E, dopo le polemiche sul tema della censura infiammate in questi giorni, sono i neo conduttori Noemi ed Ermal Meta a cancellare ogni dubbio sui valori sui quali si regge la manifestazione.

“Credo che il palco del Primo Maggio sia un faro su quelli che sono i diritti civili, su quella che è la nostra società e su quello che è un termometro della società moderna. Un tema come questo (quello dell’antifascismo, ndr)- spiega Noemi alla conferenza stampa di presentazione dell’evento- è importantissimo e credo che i giovani debbano essere sensibilizzati in merito. Credo che una delle funzioni del palco del Primo Maggio sia questa, anche la scelta di partire dai testi, di scegliere un certo tipo di artisti, credo la dica lunga”.

A rincarare la dose è Ermal Meta: “Trovo quantomeno strano- dice l’artista- che sia necessario spiegare ai giovani il concetto di antifascismo. L’Italia e la Costituzione italiana è basata su quello, quindi probabilmente sono dei valori che dovrebbero essere trasmessi in maniera più costante. Probabilmente c’è uno scollamento a livello culturale, un gap generazionale, e diventa un ostacolo nella comprensione di alcune tematiche”. E sottolinea: “L’Italia è uno Stato antifascista e penso non ci sia molto da spiegare su questo. La Costituzione è molto chiara, molto limpida su questo. Il Primo Maggio non è da meno. Sarà, come sempre, un Primo Maggio all’insegna dell’unione e della pace, di tutti quei valori sociali che servono a tutti noi per andare avanti.
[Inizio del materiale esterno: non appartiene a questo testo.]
Lemma rfun_reduced_eval (r1 r2 : {poly R}) (Ebar s : R) :
  fval_defined s n -> r2 != 0 -> coprimep r1 r2 ->
  rfun a0 b0 c0 a1 b1 c1 n Fbar Sbar = r1%:F / r2%:F ->
  r2.[s] != 0 /\ (r2 * Ebar%:P - r1).[s] = r2.[s] * (Ebar - rval s).
Proof.
move=> def r2_neq0 cop rE; have [ex ey] := frac_eval_fpair def.
have := frac_eval_add ex ey; rewrite -/(rfun a0 b0 c0 a1 b1 c1 n Fbar Sbar) rE.
move=> /(frac_eval_coprime r2_neq0 cop) [r2s_neq0 r1s].
by split=> //; rewrite hornerD hornerN hornerM hornerC r1s /rval; ring.
Qed.

End Recursion.

Section Cascade.
Variable R : rcfType.
Variables (a0 b0 c0 a1 b1 c1 : nat -> R) (Ebar : R) (Fbar Sbar : nat -> R).
Variables (S0 S1 F Y0 Y1 : nat -> R) (n : nat).
Hypothesis n_gt0 : (0 < n)%N.
Hypothesis rates_gt0 : forall i, (1 <= i <= n)%N ->
  [/\ 0 < a0 i, 0 < b0 i & 0 < c0 i] /\ [/\ 0 < a1 i, 0 < b1 i & 0 < c1 i].
Hypothesis Ebar_gt0 : 0 < Ebar.
Hypothesis totals_gt0 : forall i, (1 <= i <= n)%N -> 0 < Fbar i /\ 0 < Sbar i.
Hypothesis bmss : BMSS a0 b0 c0 a1 b1 c1 n Ebar Fbar Sbar S0 S1 F Y0 Y1.

Local Notation del := (delta a1 b1 c1).
Local Notation gam := (gamma c0 a1 b1 c1).
Local Notation lam := (lambda a0 b0 c0 a1 b1 c1).
Local Notation fval := (fval a0 b0 c0 a1 b1 c1 Fbar Sbar n).
Local Notation fval_defined := (fval_defined a0 b0 c0 a1 b1 c1 Fbar Sbar n).
Local Notation rval := (rval a0 b0 c0 a1 b1 c1 Fbar Sbar n).

Definition Y0next (i : nat) : R := if i == n then 0 else Y0 i.+1.

Lemma steady_layer i : (1 <= i <= n)%N ->
  [/\ Y0 i = gam i * F i * S1 i, Y1 i = del i * F i * S1 i,
      lam i * F i * S1 i = S0 i * S1 i.-1, Fbar i = F i + Y1 i &
      Sbar i = S0 i + S1 i + Y0 i + Y1 i + Y0next i].
Proof. by case: bmss => [[steady _] _]; apply: steady. Qed.

Lemma Ebar_steady : Ebar = S1 0 + Y0next 0.
Proof. by case: bmss => [[_ ->] _]; rewrite /Y0next eq_sym gtn_eqF. Qed.

Lemma layer_consts_gt0 i : (1 <= i <= n)%N -> [/\ 0 < del i, 0 < gam i & 0 < lam i].
Proof.
move=> /rates_gt0 [[a0_gt0 b0_gt0 c0_gt0] [a1_gt0 b1_gt0 c1_gt0]].
have del_gt0 : 0 < del i by rewrite /delta divr_gt0 ?addr_gt0.
have gam_gt0 : 0 < gam i by rewrite /gamma mulr_gt0 // divr_gt0.
by split=> //; rewrite /lambda mulr_gt0 // divr_gt0 // addr_gt0.
Qed.

Lemma F_gt0 i : (1 <= i <= n)%N -> 0 < F i.
Proof.
move=> i_in; have [_ _ F_ge0 _ _] := bmss.2.2 i i_in.
have [_ Y1E _ FbarE _] := steady_layer i_in.
rewrite lt_def F_ge0 andbT; apply: contraTneq (totals_gt0 i_in).1 => F0.
by rewrite FbarE Y1E F0 !mulr0 mul0r addr0 ltxx.
Qed.

Lemma lam_F_neq0 i : (1 <= i <= n)%N -> lam i * F i != 0.
Proof.
move=> i_in; have [_ _ lam_gt0] := layer_consts_gt0 i_in.
by rewrite mulf_neq0 ?lt0r_neq0 ?F_gt0.
Qed.

Lemma S1_succ_eq0 i : (i < n)%N -> S1 i = 0 -> S1 i.+1 = 0.
Proof.
move=> i_lt S1i0; have i_in : (1 <= i.+1 <= n)%N by [].
have [_ _ eq_up _ _] := steady_layer i_in.
move: eq_up; rewrite /= S1i0 mulr0 => /eqP.
by rewrite mulf_eq0 (negbTE (lam_F_neq0 i_in)) => /eqP.
Qed.

Lemma S1_eq0_n i : (i <= n)%N -> S1 i = 0 -> S1 n = 0.
Proof.
move=> /subnKC; move: (n - i)%N => t; elim: t i => [|t IH] i tE S1i0.
  by rewrite -tE addn0.
apply: (IH i.+1); first by rewrite addSnnS.
by apply: S1_succ_eq0; rewrite // -tE addnS ltnS leq_addr.
Qed.

Lemma layer_index j : (j < n)%N ->
  [/\ (1 <= n - j <= n)%N, (n - j.+1 = (n - j).-1)%N & Y0next (n - j.+1) = Y0 (n - j)].
Proof.
move=> j_lt; have i_gt0 : (0 < n - j)%N by rewrite subn_gt0.
have pred_lt : ((n - j).-1 < n)%N by rewrite (leq_trans _ (leq_subr j n)) // ltn_predL.
by rewrite subnS i_gt0 leq_subr /Y0next (ltn_eqF pred_lt) prednK.
Qed.

(* Downward, a vanishing S_i^1 forces S_i^0 = Sbar_i > 0, hence S_{i-1}^1 = 0. *)
Lemma S1_eq0_down : S1 n = 0 ->
  forall t, (t <= n)%N -> S1 (n - t) = 0 /\ Y0next (n - t) = 0.
Proof.
move=> S1n0; elim=> [|t IH] t_le; first by rewrite subn0 /Y0next eqxx.
have [S1i0 Ynext0] := IH (ltnW t_le).
have [i_in predE YnextE] := layer_index t_le.
have [Y0E Y1E eq_up _ SbarE] := steady_layer i_in.
have S0E : S0 (n - t) = Sbar (n - t) by rewrite SbarE Ynext0 Y0E Y1E S1i0 !mulr0 !addr0.
have S1pred0 : S1 (n - t).-1 = 0.
  move: eq_up; rewrite S1i0 mulr0 S0E => /esym/eqP.
  by rewrite mulf_eq0 (negbTE (lt0r_neq0 (totals_gt0 i_in).2)) => /eqP.
by rewrite YnextE predE S1pred0 Y0E S1i0 mulr0.
Qed.

Lemma S1_gt0 i : (i <= n)%N -> 0 < S1 i.
Proof.
move=> i_le; have S1n_neq0 : S1 n != 0.
  apply/eqP => /S1_eq0_down /(_ n (leqnn n)); rewrite subnn => -[S10 Ynext0].
  by move: Ebar_gt0; rewrite Ebar_steady S10 Ynext0 addr0 ltxx.
have S1_ge0 : 0 <= S1 i.
  by case: i i_le => [|i] i_le; [case: bmss => _ [] | have [] := bmss.2.2 i.+1 i_le].
by rewrite lt_def S1_ge0 andbT; apply: contra_neq S1n_neq0; apply: S1_eq0_n.
Qed.

Lemma S0_gt0 i : (1 <= i <= n)%N -> 0 < S0 i.
Proof.
move=> i_in; have [S0_ge0 _ _ _ _] := bmss.2.2 i i_in.
have [_ _ eq_up _ _] := steady_layer i_in.
rewrite lt_def S0_ge0 andbT; apply: contraTneq (S1_gt0 (andP i_in).2) => S00.
move: eq_up; rewrite S00 mul0r => /eqP.
by rewrite mulf_eq0 (negbTE (lam_F_neq0 i_in)) => /eqP ->; rewrite ltxx.
Qed.

Lemma fval_steady j : (j <= n)%N ->
  fval (S1 n) j = (S1 (n - j), Y0next (n - j)) /\ fval_defined (S1 n) j.
Proof.
elim: j => [|j IH] j_le; first by rewrite subn0 /Y0next eqxx; split=> // k.
have [fvalE def] := IH (ltnW j_le).
have [i_in predE YnextE] := layer_index j_le.
have [Y0E Y1E eq_up FbarE SbarE] := steady_layer i_in.
have [del_gt0 _ _] := layer_consts_gt0 i_in.
have S1_ge0 := ltW (S1_gt0 (andP i_in).2).
have [gE _ d_gt0 upE] := layer_steady del_gt0 S1_ge0 (S0_gt0 i_in)
  Y0E Y1E FbarE SbarE eq_up.
rewrite /= fvalE /= gE upE YnextE predE; split=> //.
by apply: fval_definedS def _ _; rewrite fvalE lt0r_neq0 ?saturation_den_gt0.
Qed.

Lemma fval_below s j : 0 < s -> s < S1 n -> (j <= n)%N ->
  [/\ 0 < (fval s j).1, (fval s j).1 < S1 (n - j), 0 <= (fval s j).2,
      (fval s j).2 <= Y0next (n - j) & fval_defined s j].
Proof.
move=> s_gt0 s_lt; elim: j => [|j IH] j_le; first by rewrite subn0 /Y0next eqxx.
have [x_gt0 x_lt y_ge0 y_le def] := IH (ltnW j_le).
have [i_in predE YnextE] := layer_index j_le.
have [Y0E Y1E eq_up FbarE SbarE] := steady_layer i_in.
have [del_gt0 gam_gt0 lam_gt0] := layer_consts_gt0 i_in.
have S1_ge0 := ltW (S1_gt0 (andP i_in).2).
have [gE S0E _ upE] := layer_steady del_gt0 S1_ge0 (S0_gt0 i_in)
  Y0E Y1E FbarE SbarE eq_up.
have S0_pos := S0_gt0 i_in; rewrite -S0E in S0_pos.
have [d_gt0 up_gt0 up_lt g_ge0 g_le] := layer_below del_gt0 gam_gt0 lam_gt0
  (totals_gt0 i_in).1 x_gt0 x_lt y_ge0 y_le S0_pos.
rewrite /= YnextE predE -upE -gE; split=> //.
by apply: fval_definedS def _ _; rewrite lt0r_neq0 ?saturation_den_gt0 ?ltW.
Qed.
La musica sarà l’onda che li porterà avanti per tutta la serata”.

RAI: ANTIFASCISMO TEMA CHE FA PARTE DELLA STORIA DI QUESTO PAESE

Interpellato dai giornalisti, a commentare è anche Giovanni Anversa, vice direttore Intrattenimento Prime Time: “Noemi ed Ermal Meta hanno ricordato come il tema dell’antifascismo sia l’impalcatura della nostra Costituzione, non è un tema dell’oggi. È un tema che fa parte della storia di questo Paese, che è stato incardinato in una carta costituzionale. La Rai che è un bene pubblico è espressione di questa storia”.